Extended endless test started; testing more than 2 hours is usually unneeded
use Ctrl+C to stop it when you decide it’s enough
^C
memtest_vulkan: no any errors, testing PASSed.
press any key to continue…

I think I’m going to try getting a new power supply and go from there. I have a smaller one, so I’m starting to suspect it is related to my new CPU and increased power requirements.

1 Like

Update:
After going through nvidia-settings again, I noticed that my GPU power draw never reaches 100W (even while experiencing performance issues like frame drops), while the Default TGP is listed as 160.0 W.

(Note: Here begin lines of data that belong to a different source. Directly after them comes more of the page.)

Lemma gbinom_pascal n k :
  gbinom q n.+1 k.+1 = x ^+ k.+1 * gbinom q n k.+1 + gbinom q n k.
Proof.
case: (ltngtP k n) => [kn|nk|->]; last first.
- by rewrite !gbinomnn gbinom_gt // mulr0 add0r.
- by rewrite !gbinom_gt ?mulr0 ?addr0 // ltnS ltnW.
have [a ->] : exists a, n = (k + a.+1)%N.
  by exists (n - k.+1)%N; rewrite addnS -addSn subnKC.
have -> : gbinom q (k + a.+1).+1 k.+1 =
          gfact q (k + a.+1).+1 / (gfact q k.+1 * gfact q a.+1).
  by rewrite -addSn gbinom_split addSn.
have -> : gbinom q (k + a.+1) k.+1 = gfact q (k + a.+1) / (gfact q k.+1 * gfact q a).
  by rewrite -addSnnS gbinom_split addSnnS.
rewrite gbinom_split !gfactS.
have -> : x ^+ (k + a.+1).+1 = x ^+ k.+1 * x ^+ a.+1 by rewrite -exprD addSn.
have := gfact_neq0 k; have := gfact_neq0 a.
have := qpow_sub1_neq0 (ltn0Sn k); have := qpow_sub1_neq0 (ltn0Sn a).
move: (gfact q k) (gfact q a) (gfact q (k + a.+1)) (x ^+ k.+1) (x ^+ a.+1).
by move=> Gk Ga Gn X Y Y1 X1 Ga0 Gk0; field; rewrite ?Y1 ?X1 ?Ga0 ?Gk0.
Qed.

Lemma gbinom_ratio r k :
  (x ^+ k.+1 - 1) * gbinom q r k.+1 = (x ^+ (r - k) - 1) * gbinom q r k.
Proof.
case: (leqP r k) => [rk|kr].
  by rewrite gbinom_gt ?ltnS // mulr0 (eqP rk) expr0 subrr mul0r.
have [a ->] : exists a, r = (k + a.+1)%N.
  by exists (r - k.+1)%N; rewrite addnS -addSn subnKC.
have -> : gbinom q (k + a.+1) k.+1 = gfact q (k + a.+1) / (gfact q k.+1 * gfact q a).
  by rewrite -addSnnS gbinom_split addSnnS.
rewrite gbinom_split addKn !gfactS.
have := gfact_neq0 k; have := gfact_neq0 a.
have := qpow_sub1_neq0 (ltn0Sn k); have := qpow_sub1_neq0 (ltn0Sn a).
move: (gfact q k) (gfact q a) (gfact q (k + a.+1)) (x ^+ k.+1) (x ^+ a.+1).
by move=> Gk Ga Gn X Y Y1 X1 Ga0 Gk0; field; rewrite ?Y1 ?X1 ?Ga0 ?Gk0.
Qed.
(* If $\mathrm{char}(\Bbbk)=0$ or $\mathrm{char}(\Bbbk)=p\ge5$, then $P$ is minimally generated by $f_1=3y^3-4xyz+x^4-3y^3z^5-2xy^6z^2-x^2y^4z^3$, $f_2=2y^2z-3xz^2+x^3y-2y^7z^2-xy^5z^3$, $f_3=yz^2-3x^2y^2+2x^3z-y^6z^3-2xy^4z^4$, $f_4=z^3-2xy^3+x^2yz-y^5z^4$; in particular $\mu(P)=4$.
   Context: $\Bbbk$ is a field. $\rho:\Bbbk[[x,y,z]]\to\Bbbk[[t]]$ is the $\Bbbk$-algebra morphism with $\rho(x)=t^6+t^{31}$, $\rho(y)=t^8$, $\rho(z)=t^{10}$, and $P=\ker\rho$ (the first prime of Moh, $n=3$, $\lambda=25$). $\mu(P)$ is the minimal number of generators of $P$. *)

From HB Require Import structures.
From mathcomp Require Import all_boot all_order all_algebra.
Set Implicit Arguments. Unset Strict Implicit. Unset Printing Implicit Defensive.
Import Order.TTheory GRing.Theory Num.Theory.
Local Open Scope ring_scope.

(* Formal power series in three variables x,y,z over K, given by their
   coefficient function: F a b c = coefficient of x^a y^b z^c. *)
Definition ps3 (K : fieldType) := nat -> nat -> nat -> K.

Section PS3.
Variable K : fieldType.

Definition ps3_add (F G : ps3 K) : ps3 K := fun a b c => F a b c + G a b c.
Definition ps3_zero : ps3 K := fun _ _ _ => 0.

Definition ps3_mul (F G : ps3 K) : ps3 K := fun a b c =>
  \sum_(i < a.+1) \sum_(j < b.+1) \sum_(l < c.+1)
     F i j l * G (a - i)%N (b - j)%N (c - l)%N.

Definition ps3_mono (r : K) (a b c : nat) : ps3 K := fun i j l =>
  if [&& i == a, j == b & l == c] then r else 0.

Definition ps3_ideal (n : nat) (g : 'I_n -> ps3 K) : ps3 K -> Prop :=
  fun F => exists h : 'I_n -> ps3 K,
    F = fun a b c => \sum_(i < n) ps3_mul (h i) (g i) a b c.

(* rho : K[[x,y,z]] -> K[[t]],  x |-> t^6 + t^31, y |-> t^8, z |-> t^10.
   rho F n is the coefficient of t^n in rho(F); only monomials
   x^a y^b z^c with a,b,c <= n can contribute to it. *)
Definition rho (F : ps3 K) (n : nat) : K :=
  \sum_(a < n.+1) \sum_(b < n.+1) \sum_(c < n.+1)
     F a b c * (('X^6 + 'X^31) ^+ a * 'X^(8 * b + 10 * c) : {poly K})`_n.

Definition P_Moh : ps3 K -> Prop := fun F => forall n, rho F n = 0.

Definition sum_ps3 (s : seq (ps3 K)) : ps3 K := foldr ps3_add ps3_zero s.

Definition f1 : ps3 K := sum_ps3
  [:: ps3_mono 3 0 3 0; ps3_mono (-4) 1 1 1; ps3_mono 1 4 0 0;
      ps3_mono (-3) 0 3 5; ps3_mono (-2) 1 6 2; ps3_mono (-1) 2 4 3].
Definition f2 : ps3 K := sum_ps3
  [:: ps3_mono 2 0 2 1; ps3_mono (-3) 1 0 2; ps3_mono 1 3 1 0;
      ps3_mono (-2) 0 7 2; ps3_mono (-1) 1 5 3].
Definition f3 : ps3 K := sum_ps3
  [:: ps3_mono 1 0 1 2; ps3_mono (-3) 2 2 0; ps3_mono 2 3 0 1;
      ps3_mono (-1) 0 6 3; ps3_mono (-2) 1 4 4].
Definition f4 : ps3 K := sum_ps3
  [:: ps3_mono 1 0 0 3; ps3_mono (-2) 1 3 0; ps3_mono 1 2 1 1;
      ps3_mono (-1) 0 5 4].

Definition fgens (i : 'I_4) : ps3 K :=
  match val i with 0 => f1 | 1 => f2 | 2 => f3 | _ => f4 end.

End PS3.

(* rho is multiplicative, with rho(x), rho(y), rho(z) of t-adic orders 6, 8, 10, and
   it kills f_1, ..., f_4.  Conversely, at x = 0 the f_i become units times the cubic
   monomials y^3, y^2 z, y z^2, z^3 of K[[y,z]] (the units 3(1 - z^5), 2(1 - y^5 z),
   1 - y^5 z, 1 - y^5 z need 2 and 3 invertible).  So every series is congruent
   modulo x to a combination of the f_i plus a K-combination of
   b = 1, y, z, y^2 - xz, yz - x^3, z^2 - x^2 y, and iterating x-adically writes any
   F as sum h_i f_i + sum r_j(x) b_j.  The images rho(b_j) have t-adic orders
   0, 8, 10, 41, 43, 45, pairwise distinct modulo 6, so rho(F) = 0 forces every
   r_j = 0: P = (f_1, ..., f_4).  For minimality, all of P has order >= 3 while the
   cubic parts of the f_i are independent; the degree-3 coefficient matrix of the
   f_i, which is invertible, then factors through K^n for any generating family of
   size n, so n >= 4. *)

From HB Require Import structures.
From mathcomp Require Import all_boot all_order all_algebra.
From mathcomp Require Import boolp ring zify.
Set Implicit Arguments. Unset Strict Implicit. Unset Printing Implicit Defensive.
Import GRing.Theory.
Local Open Scope ring_scope.

Section OrdinalSums.
Variable V : nmodType.

Lemma sum_ord_eq_if n i (f : nat -> V) :
  \sum_(j < n) (if j == i :> nat then f j else 0) = if (i < n)%N then f i else 0.
Proof. by rewrite -big_mkcond big_ord1_eq. Qed.

Lemma sum_ord3_pick n (f : nat -> nat -> nat -> V) a b c :
  \sum_(i < n) \sum_(j < n) \sum_(l < n)
    (if [&& i == a :> nat, j == b :> nat & l == c :> nat] then f i j l else 0) =
  if [&& a < n, b < n & c < n]%N then f a b c else 0.
Proof.
transitivity (\sum_(i < n) if i == a :> nat then
  \sum_(j < n) (if j == b :> nat then
    \sum_(l < n) (if l == c :> nat then f i j l else 0) else 0) else 0).
  apply: eq_bigr => i _; case: eqP => _ /=; last by rewrite big1 // => j _; rewrite big1.
  by apply: eq_bigr => j _; case: eqP => _ //=; rewrite big1.
rewrite (sum_ord_eq_if _ _ (fun i => \sum_(j < n) (if j == b :> nat then
    \sum_(l < n) (if l == c :> nat then f i j l else 0) else 0))).
case: ltnP => //= _.
rewrite (sum_ord_eq_if _ _ (fun j => \sum_(l < n) (if l == c :> nat then f a j l else 0))).
by case: ltnP => //= _; rewrite (sum_ord_eq_if _ _ (f a b)).
Qed.

End OrdinalSums.

Section PowerSeriesRing.
Variable K : fieldType.
Local Notation ps := (ps3 K).

HB.instance Definition _ := gen_eqMixin ps.
HB.instance Definition _ := gen_choiceMixin ps.

Lemma ps3_ext (F G : ps) : (forall a b c, F a b c = G a b c) -> F = G.
Proof.
move=> FG; do 3!apply: functional_extensionality_dep => ?; exact: FG.
Qed.

Definition ps3_opp (F : ps) : ps := fun a b c => - F a b c.

Lemma ps3_addA : associative (@ps3_add K).
Proof. by move=> F G H; apply: ps3_ext => a b c; apply: addrA. Qed.
Lemma ps3_addC : commutative (@ps3_add K).
Proof. by move=> F G; apply: ps3_ext => a b c; apply: addrC. Qed.
Lemma ps3_add0 : left_id (@ps3_zero K) (@ps3_add K).
Proof. by move=> F; apply: ps3_ext => a b c; apply: add0r. Qed.
Lemma ps3_addN : left_inverse (@ps3_zero K) ps3_opp (@ps3_add K).
Proof. by move=> F; apply: ps3_ext => a b c; apply: addNr. Qed.

HB.instance Definition _ :=
  GRing.isZmodule.Build ps ps3_addA ps3_addC ps3_add0 ps3_addN.

(* The ring axioms are transported from [{poly {poly {poly K}}}]: a product
   coefficient of index (a, b, c) only involves coefficients in the cube of
   side a + b + c + 1, on which a series agrees with a polynomial. *)
Local Notation poly3 := {poly {poly {poly K}}}.

Definition ps3_of_poly (p : poly3) : ps := fun a b c => p`_a`_b`_c.

Definition poly_of_ps3 N (F : ps) : poly3 :=
  \poly_(a < N) \poly_(b < N) \poly_(c < N) F a b c.

Definition ps3_eq_on N (F G : ps) :=
  forall a b c, (a < N)%N -> (b < N)%N -> (c < N)%N -> F a b c = G a b c.

Lemma ps3_of_polyM (p q : poly3) :
  ps3_mul (ps3_of_poly p) (ps3_of_poly q) = ps3_of_poly (p * q).
Proof.
apply: ps3_ext => a b c; rewrite /ps3_of_poly coefM coef_sum coef_sum.
apply: eq_bigr => i _; rewrite coefM coef_sum; apply: eq_bigr => j _.
by rewrite coefM.
Qed.

Lemma poly_of_ps3K N F : ps3_eq_on N F (ps3_of_poly (poly_of_ps3 N F)).
Proof.
by move=> a b c ha hb hc; rewrite /ps3_of_poly coef_poly ha coef_poly hb coef_poly hc.
Qed.

Lemma ps3_mul_eq_on N (F F' G G' : ps) :
  ps3_eq_on N F F' -> ps3_eq_on N G G' ->
  ps3_eq_on N (ps3_mul F G) (ps3_mul F' G').
Proof.
move=> FF' GG' a b c ha hb hc.
apply: eq_bigr => i _; apply: eq_bigr => j _; apply: eq_bigr => l _.
have := ltn_ord i; have := ltn_ord j; have := ltn_ord l => *.
by rewrite FF' ?GG' //; lia.
Qed.

Lemma ps3_mul_poly N (F G : ps) :
  ps3_eq_on N (ps3_mul F G)
    (ps3_of_poly (poly_of_ps3 N F * poly_of_ps3 N G)).
Proof. by rewrite -ps3_of_polyM; apply: ps3_mul_eq_on; apply: poly_of_ps3K. Qed.

Lemma ps3_mulA : associative (@ps3_mul K).
Proof.
move=> F G H; apply: ps3_ext => a b c; pose N := (a + b + c).+1.
have [ha hb hc] : [/\ a < N, b < N & c < N]%N by split; lia.
rewrite (ps3_mul_eq_on (poly_of_ps3K (N:=N) F) (ps3_mul_poly (N:=N) G H)) //.
rewrite (ps3_mul_eq_on (ps3_mul_poly (N:=N) F G) (poly_of_ps3K (N:=N) H)) //.
by rewrite !ps3_of_polyM mulrA.
Qed.
Lemma dot_nRL_nL q : O q -> dot (vD pdR nL q) (nL q) = 0.
Proof. intros Hq. rewrite nRL_wave, dot_scale_l, (dot_comm (n q)), dot_nL_n by exact Hq. ring. Qed.

Lemma dot_nRL_nR q : O q -> dot (vD pdR nL q) (nR q) = 0.
Proof. intros Hq. rewrite nRL_wave, dot_scale_l, (dot_comm (n q)), dot_nR_n by exact Hq. ring. Qed.

Lemma dot_nLLR_nR p : O p -> dot (vD pdR nLL p) (nR p) = - s p ^ 2.
Proof.
  intros Hp. rewrite (vD_comm O HO pdR pdL); auto.
  rewrite (vD_ext O HO pdL _ (fun q => scale (- s q) (n q))); auto using nRL_wave.
  rewrite (dot_dir_scale O HO); auto.
  - rewrite (dot_comm (n p)), dot_nR_n by exact Hp. ring.
  - apply regular_opp, regular_dot; auto.
Qed.

Lemma metric_LL_regular : regular O (metric_LL n).
Proof. apply regular_mult; [apply regular_const | apply regular_dot; auto]. Qed.

Lemma metric_LR_regular : regular O (metric_LR n).
Proof. apply regular_mult; [apply regular_const | apply regular_dot; auto]. Qed.

Lemma metric_RR_regular : regular O (metric_RR n).
Proof. apply regular_mult; [apply regular_const | apply regular_dot; auto]. Qed.

Lemma pdL_metric_LL p : O p -> pdL (metric_LL n) p = / 2 * dot (nLL p) (nL p).
Proof.
  intros Hp. unfold metric_LL. rewrite (dir_scaled_dot O); auto.
  rewrite (dot_comm (nL p)). field.
Qed.

Lemma pdR_metric_LL q : O q -> pdR (metric_LL n) q = 0.
Proof.
  intros Hq. unfold metric_LL. rewrite (dir_scaled_dot O); auto.
  rewrite (dot_comm (nL q)), dot_nRL_nL by exact Hq. ring.
Qed.

Lemma pdR_pdL_metric_LL p : O p -> pdR (pdL (metric_LL n)) p = 0.
Proof.
  intros Hp. rewrite (dir_comm O); auto using metric_LL_regular.
  rewrite (dir_ext O HO pdL dir_deriv_pdL _ (fun _ => 0)); auto using pdR_metric_LL.
  apply (dir_const pdL dir_deriv_pdL).
Qed.

Lemma pdR_metric_RR p : O p -> pdR (metric_RR n) p = / 2 * dot (nRR p) (nR p).
Proof.
  intros Hp. unfold metric_RR. rewrite (dir_scaled_dot O); auto.
  rewrite (dot_comm (nR p)). field.
Qed.

Lemma pdL_metric_LR q : O q -> pdL (metric_LR n) q = - / 4 * dot (nLL q) (nR q).
Proof.
  intros Hq. unfold metric_LR. rewrite (dir_scaled_dot O); auto.
  rewrite (dot_comm (nL q)), dot_nLR_nL by exact Hq. ring.
Qed.

Lemma pdR_metric_LR p : O p -> pdR (metric_LR n) p = - / 4 * dot (nRR p) (nL p).
Proof.
  intros Hp. unfold metric_LR. rewrite (dir_scaled_dot O); auto.
  rewrite dot_nRL_nR, (dot_comm (nL p)) by exact Hp. ring.
Qed.

Lemma pdR_pdL_metric_LR p : O p ->
  pdR (pdL (metric_LR n)) p = - / 4 * (dot (nLL p) (nRR p) - s p ^ 2).
Proof.
  intros Hp.
  rewrite (dir_ext O HO pdR dir_deriv_pdR _ (fun q => - / 4 * dot (nLL q) (nR q)));
    auto using pdL_metric_LR.
  rewrite (dir_scaled_dot O), dot_nLLR_nR; auto. ring.
Qed.

Lemma metric_det_pos q : O q -> 0 < metric_LL n q * metric_RR n q - metric_LR n q ^ 2.
Proof.
  intros Hq. pose proof (metric_nondeg q Hq). pose proof (dot_sqr_le (nL q) (nR q)).
  unfold metric_LL, metric_RR, metric_LR in *. nra.
Qed.

Lemma metric_LL_pos q : O q -> 0 < metric_LL n q.
Proof.
  intros Hq. pose proof (metric_det_pos q Hq). pose proof (dot_self_ge0 (nL q)).
  pose proof (dot_self_ge0 (nR q)). unfold metric_LL, metric_RR, metric_LR in *. nra.
Qed.

Lemma wave_map_curvature p : O p ->
  gauss_curvature (metric_LL n) (metric_LR n) (metric_RR n) p = -4.
Proof.
  intros Hp.
  rewrite (gauss_curvature_explicit O HO); auto using metric_LL_regular, metric_LR_regular,
    metric_RR_regular, metric_LL_pos, metric_det_pos.
  rewrite pdL_metric_LL, pdR_metric_LL, pdR_metric_RR, pdL_metric_LR, pdR_metric_LR,
    pdR_pdL_metric_LL, pdR_pdL_metric_LR by exact Hp.
  pose proof (metric_det_pos p Hp) as Hdet. pose proof (metric_LL_pos p Hp) as HLL.
  unfold metric_LL, metric_LR, metric_RR in *.
  apply curvature_expr_wave; [lra | nra |].
  rewrite (dot_gram_orthonormal _ _ (n p)), dot_nLL_n, dot_nRR_n; auto using dot_nL_n, dot_nR_n.
  ring.
Qed.

End WaveMap.

(** * The Hopf map *)

Definition sqnorm (z : C2) : R :=
  Re (fst z) * Re (fst z) + Im (fst z) * Im (fst z)
  + Re (snd z) * Re (snd z) + Im (snd z) * Im (snd z).

(* [z ↦ z†σz / z†z] with [σ] the Pauli matrices; the projector is
   [P = (1 - hopf f · σ) / 2]. *)
Definition hopf (z : C2) : vec3 :=
  let x1 := Re (fst z) in let y1 := Im (fst z) in let x2 := Re (snd z) in let y2 := Im (snd z) in
  Vec3 (2 * (x1 * x2 + y1 * y2) / sqnorm z) (2 * (x1 * y2 - y1 * x2) / sqnorm z)
       ((x1 * x1 + y1 * y1 - x2 * x2 - y2 * y2) / sqnorm z).

Definition dhopf (z w : C2) : vec3 :=
  let x1 := Re (fst z) in let y1 := Im (fst z) in let x2 := Re (snd z) in let y2 := Im (snd z) in
  let a1 := Re (fst w) in let b1 := Im (fst w) in let a2 := Re (snd w) in let b2 := Im (snd w) in
  let N := sqnorm z in
  let dN := 2 * (x1 * a1 + y1 * b1 + x2 * a2 + y2 * b2) in
  Vec3 ((2 * (a1 * x2 + x1 * a2 + b1 * y2 + y1 * b2) * N - 2 * (x1 * x2 + y1 * y2) * dN) / (N * N))
       ((2 * (a1 * y2 + x1 * b2 - b1 * x2 - y1 * a2) * N - 2 * (x1 * y2 - y1 * x2) * dN) / (N * N))
       ((2 * (x1 * a1 + y1 * b1 - x2 * a2 - y2 * b2) * N
         - (x1 * x1 + y1 * y1 - x2 * x2 - y2 * y2) * dN) / (N * N)).

Lemma sqnorm_neq0 z : z <> vzero -> sqnorm z <> 0.
Proof.
  destruct z as [[x1 y1] [x2 y2]]. unfold sqnorm. cbn. intros Hz H0. apply Hz.
  assert (x1 = 0) by nra. assert (y1 = 0) by nra. assert (x2 = 0) by nra. assert (y2 = 0) by nra.
  subst. reflexivity.
Qed.

Lemma herm_diag z : herm z z = RtoC (sqnorm z).
Proof.
  destruct z as [[x1 y1] [x2 y2]].
  unfold herm, sqnorm, RtoC, Cmult, Cplus, Cconj. cbn. f_equal; ring.
Qed.

Lemma Cdiv_RtoC z r : r <> 0 -> Cdiv z (RtoC r) = (Re z / r, Im z / r).
Proof.
  intros Hr. destruct z as [a b]. unfold Cdiv, Cmult, Cinv, RtoC. cbn. f_equal; field; exact Hr.
Qed.

Lemma hopf_unit z : sqnorm z <> 0 -> dot (hopf z) (hopf z) = 1.
Proof. intros Hz. unfold dot, hopf. unfold sqnorm in *. cbn. field. exact Hz. Qed.

Lemma Pproj_metric z w v : sqnorm z <> 0 ->
  Re (Cdiv (herm w (Pproj z v)) (herm z z)) = / 4 * dot (dhopf z w) (dhopf z v).
Proof.
  intros Hz. unfold Pproj. rewrite herm_diag, !Cdiv_RtoC by exact Hz.
  destruct z as [[x1 y1] [x2 y2]], w as [[a1 b1] [a2 b2]], v as [[c1 d1] [c2 d2]].
  unfold sqnorm in *.
  unfold dot, dhopf, sqnorm, herm, vsub, vscal, Cminus, Copp, Cmult, Cplus, Cconj. cbn.
  field. exact Hz.
Qed.

Lemma Pproj_sub_eq_zero z x y :
  Pproj z (vsub x y) = vzero -> exists mu : C, x = vadd y (vscal mu z).
Proof.
  unfold Pproj. generalize (Cdiv (herm z (vsub x y)) (herm z z)) as mu. intros mu H. exists mu.
  destruct z as [[z1 z2] [z3 z4]], x as [[x1 x2] [x3 x4]], y as [[y1 y2] [y3 y4]], mu as [m1 m2].
  unfold vadd, vsub, vscal, vzero, Cminus, Copp, Cplus, Cmult, RtoC in *. cbn in *.
  injection H as H1 H2 H3 H4. repeat f_equal; lra.
Qed.

Definition cD (D : (pt -> R) -> pt -> R) (F : pt -> C2) (p : pt) : C2 :=
  ((D (fun q => Re (fst (F q))) p, D (fun q => Im (fst (F q))) p),
   (D (fun q => Re (snd (F q))) p, D (fun q => Im (snd (F q))) p)).

Definition regularC2 (O : pt -> Prop) (F : pt -> C2) : Prop :=
  regular O (fun q => Re (fst (F q))) /\ regular O (fun q => Im (fst (F q))) /\
  regular O (fun q => Re (snd (F q))) /\ regular O (fun q => Im (snd (F q))).

Section HopfMap.
Variables (O : pt -> Prop) (f : pt -> C2).
Hypotheses (HO : open O)
  (f_reg : regularC2 O f)
  (f_nz : forall q, O q -> sqnorm (f q) <> 0).

Lemma hopf_regular : regularV O (fun q => hopf (f q)).
Proof.
  destruct f_reg as (H1 & H2 & H3 & H4).
  unfold regularV, hopf, sqnorm in *. cbn. repeat split; regular_tac.
Qed.

Lemma vD_hopf D p : dir_deriv D -> O p -> vD D (fun q => hopf (f q)) p = dhopf (f p) (cD D f p).
Proof.
  intros HD Hp. destruct f_reg as (H1 & H2 & H3 & H4).
  unfold vD, hopf, dhopf, cD, sqnorm in *. cbn. expand D HD. f_equal; field; auto.
Qed.

Lemma J_L_hopf q : O q -> J_L f q = metric_LL (fun r => hopf (f r)) q.
Proof.
  intros Hq. unfold J_L, metric_LL. rewrite Pproj_metric, vD_hopf; auto using dir_deriv_pdL.
Qed.

Lemma J_R_hopf q : O q -> J_R f q = metric_RR (fun r => hopf (f r)) q.
Proof.
  intros Hq. unfold J_R, metric_RR. rewrite Pproj_metric, vD_hopf; auto using dir_deriv_pdR.
Qed.

Lemma G_LR_hopf q : O q -> G_LR f q = metric_LR (fun r => hopf (f r)) q.
Proof.
  intros Hq. unfold G_LR, metric_LR.
  change (vdL f q) with (cD pdL f q). change (vdR f q) with (cD pdR f q).
  rewrite Pproj_metric, dot_comm, !vD_hopf; auto using dir_deriv_pdL, dir_deriv_pdR. ring.
Qed.

Hypothesis f_EL : forall q, O q -> CP1_EL f q.

Lemma hopf_wave p : O p ->
  vD pdL (vD pdR (fun q => hopf (f q))) p =
  scale (- dot (vD pdL (fun q => hopf (f q)) p) (vD pdR (fun q => hopf (f q)) p)) (hopf (f p)).
Proof.
  intros Hp.
  rewrite (vD_ext O HO pdL _ (fun q => dhopf (f q) (cD pdR f q))), !vD_hopf;
    auto using dir_deriv_pdL, dir_deriv_pdR, vD_hopf.
  (* The Euler-Lagrange equation fixes f_LR up to a complex multiple of f,
     which [dhopf (f p)] annihilates. *)
  destruct (Pproj_sub_eq_zero _ _ _ (f_EL p Hp)) as [mu Hmu].
  destruct f_reg as (H1 & H2 & H3 & H4). pose proof (f_nz p Hp) as Hnz.
  rewrite herm_diag in Hmu.
  unfold vsub, vadd, vscal, herm, Cinv, Cmult, Cplus, Cconj, Cminus, Copp, RtoC in Hmu. cbn in Hmu.
  injection Hmu as E1 E2 E3 E4.
  (* [expand_L] produces the eta-contracted [pdL (pdR g) p]. *)
  repeat match goal with E : context [fun q : pt => pdR ?g q] |- _ =>
    change (fun q : pt => pdR g q) with (pdR g) in E end.
  unfold vD, dhopf, cD, scale, dot, hopf, sqnorm in *. cbn. unfold Re, Im in *.
  expand_L. rewrite E1, E2, E3, E4.
  f_equal; field; exact Hnz.
Qed.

This makes me think that it is indeed a power supply issue. Unfortunately, I likely won't have money to replace it until after this thread autolocks, and I don't want to spam the thread, so I'll mark it as solved, with the assumption that a 100 W or more upgrade to the PSU will solve the issue.

This topic was automatically closed 2 days after the last reply. New replies are no longer allowed.